На том и порешили. Спустилась Западная царевна к реке, там ее ужалила змея, и она умерла. Ожил Хамчи, но, узнав, что погибла Западная царевна, затосковал, ведь он успел полюбить ее…


Так рассказывали Аслану древние ингушские старики. После этих историй ночные горы наполнились для него таинственными существами, которые прятались в кустах и за камнями, но взгляды которых джигит чувствовал. Он не боялся, наоборот, его это радовало. Ведь в родных горах ему везде мерещилась Мадина, жена Давлет-хана, здесь же — дивы и джинны, до которых Аслану не было никакого дела.

В одну из таких ночей с горной тропы он увидел освещенный вход в пещеру. Человек это или джинн, но он должен пригласить ночного путника к огню.

К тому же у Аслана в кожаной седельной сумке было мясо убитой этим утром лани. Не с пустыми руками следовал он к хозяину пещеры.

По теням, отбрасываемым пламенем на каменный свод, Аслан сосчитал количество людей у костра, и смело вошел внутрь. В пещере был всего один человек. Он поздно заметил постороннего, и рука, потянувшаяся к оружию, явно запоздала. Человек понял это и смело посмотрел в лицо ночному гостю.

— Ассалам алайкум! — поздоровался Аслан.

Человек у костра не ответил, только кивнул в знак приветствия и жестом пригласил путника к огню. Аслан понял, что перед ним человек чужой веры, хотя и горец.

— Я рад гостю, — сказал человек по-русски. — Присаживайся ближе к огню. Жаль, мне нечем угостить тебя. Охота моя закончилась неудачно… Меня зовут Балия Цабаури. Я — хевсур из Гудани.

— Я — Аслан Мидоев из Дойзал-юрта.

— Ты кистин?

— Нохча… чеченец.

— Давно не видал я чеченцев в наших горах, — сказал гость, но продолжать не стал, решив, что расспрашивать человека вот так сразу неприлично. — У меня осталась еще кукурузная лепешка. Давай, разделим ее с тобой.

— Ты не обидишься, Балия, если я сам угощу тебя? Мне на охоте повезло сегодня больше, чем тебе.

Он достал из сумки окорок и протянул его хевсуру, тактично решив, что хозяину пещеры и распоряжаться приготовлением пищи. Балия сделал неловкое движение навстречу, но что-то помешало ему протянуть руку. Аслан понял, что нога хевсура спрятана под бурку не просто так. Видимо, неудача на охоте заключалась не просто в отсутствии добычи, а в серьезном увечье.

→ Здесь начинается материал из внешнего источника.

(* Assume $2^{\aleph_0}=\aleph_1$ (so that $\omega_1^{<\omega_1}=\omega_1$). Let $G$ be a closed $\omega_1$-Baire subgroup of $S_{\omega_1}$. Then there is a good quantifier $Q_G$ of type $\langle 2\rangle$ on $\omega_1$ with $\mathrm{Aut}(Q_G)=G$.
   Context: $S_{\omega_1}$ is the group of permutations of $\omega_1$ with the subspace topology from $\omega_1^{\omega_1}$, where basic open sets are given by countable partial functions. $2^{\omega_1\times\omega_1}$ has basic open sets $\{f:s\subseteq f\}$ for countable partial functions $s$. A subspace is $\omega_1$-Baire if the intersection of any $\omega_1$ many open dense subsets of it is dense in it. A quantifier of type $\langle 2\rangle$ on $\omega_1$ is a family $Q$ of subsets of $\omega_1\times\omega_1$, i.e. $Q\subseteq2^{\omega_1\times\omega_1}$; it is downwards closed if closed under subsets. For a map $p$ and $A\subseteq\omega_1^2$, $p(A)=\{(p(a),p(b)):(a,b)\in A\}$. A function $p:\beta\to\omega_1$ with $\beta<\omega_1$ is compatible with $Q$ if for every $A\subseteq\beta\times\beta$, $A\in Q\iff p(A)\in Q$. A permutation $f$ of $\omega_1$ fixes $Q$ if $A\in Q\iff f(A)\in Q$ for all $A\subseteq\omega_1^2$; $\mathrm{Aut}(Q)$ is the group of such permutations. $Q$ is good if it is closed, downwards closed, and every injection $p:\beta\to\omega_1$ with $\beta<\omega_1$ compatible with $Q$ extends to a permutation of $\omega_1$ fixing $Q$. *)

(* omega_1 is modelled abstractly as a type W with a strict
   well-order lt that is uncountable and all of whose proper initial segments
   are countable; any such (W, lt) is order-isomorphic to omega_1. *)
From Stdlib Require Import Classical.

— Ты ранен? — спросил чеченец.

— Я сорвался со скалы, когда подкрадывался к туру. Кажется, сломал ногу. Ты бы видел, Аслан, как потешался надо мною рогатый разбойник. Он посмотрел на меня сверху вниз со скалы, потряс бородой и злорадно заблеял, засмеялся. Ты никогда не видел смеющегося тура?

Аслан улыбнулся. Хевсур, видимо, был веселым и добрым человеком. Судя по всему, был он небольшого роста, не богатырь, но легкий и проворный. Травма причиняла ему сильную боль, но он не показывал виду, только бледнел, и капелька пота сбегала по его виску и высыхала на щеке.

Чеченец закопал мясо в горячие угли.

— Давно ты здесь? — спросил Аслан.

— Второй день.

— Я не такой, конечно, лекарь, как наш старик Дута, но все-таки позволь посмотреть твою ногу. Может, я чем-нибудь смогу помочь.

Балия откинул бурку, и Аслан увидел распоротую штанину и белевшую в рваной ране сломанную берцовую кость. Нога распухла и посинела.

— Тебе надо вправлять кость, — сказал чеченец. — Этого я делать не умею. У меня есть с собой немного сандаловой воды. Она снимет опухоль и облегчит твои страдания. Утром я отвезу тебя в твое селение. У вас есть хороший лекарь?..

Аслан никогда так много не говорил, как в эту ночь у костра. Он уверял себя в том, что говорит только для того, чтобы отвлечь Балию от боли, но чувствовал, что лукавит сам перед собой. Аслан словно знал этого хевсура всю жизнь, только чьей-то злой волей тот потерял память, и теперь Мидоев спешил рассказать другу все, что тот забыл. Хевсур тоже хотел говорить, но Аслан не разрешал ему тратить силы.

Рассказал он Цабаури и услышанные им недавно ингушские легенды про богатыря Хамчи и его верного друга Сипуни. Хевсур посмеялся и сказал, что это история про него, Балию, что он и есть тот самый заячий джигит, только потерявший волшебную силу бороды. Над ним до сих пор потешаются в Гудани за маленький рост.

— Но ты не подумай, Аслан, — сказал он, забавно хмурясь, — Балия Цабаури никому не прощал насмешек. Пусть я — заячий, но настоящий джигит. Спроси об этом любого в Хевсуретии, и тебе скажут, что я не лгу.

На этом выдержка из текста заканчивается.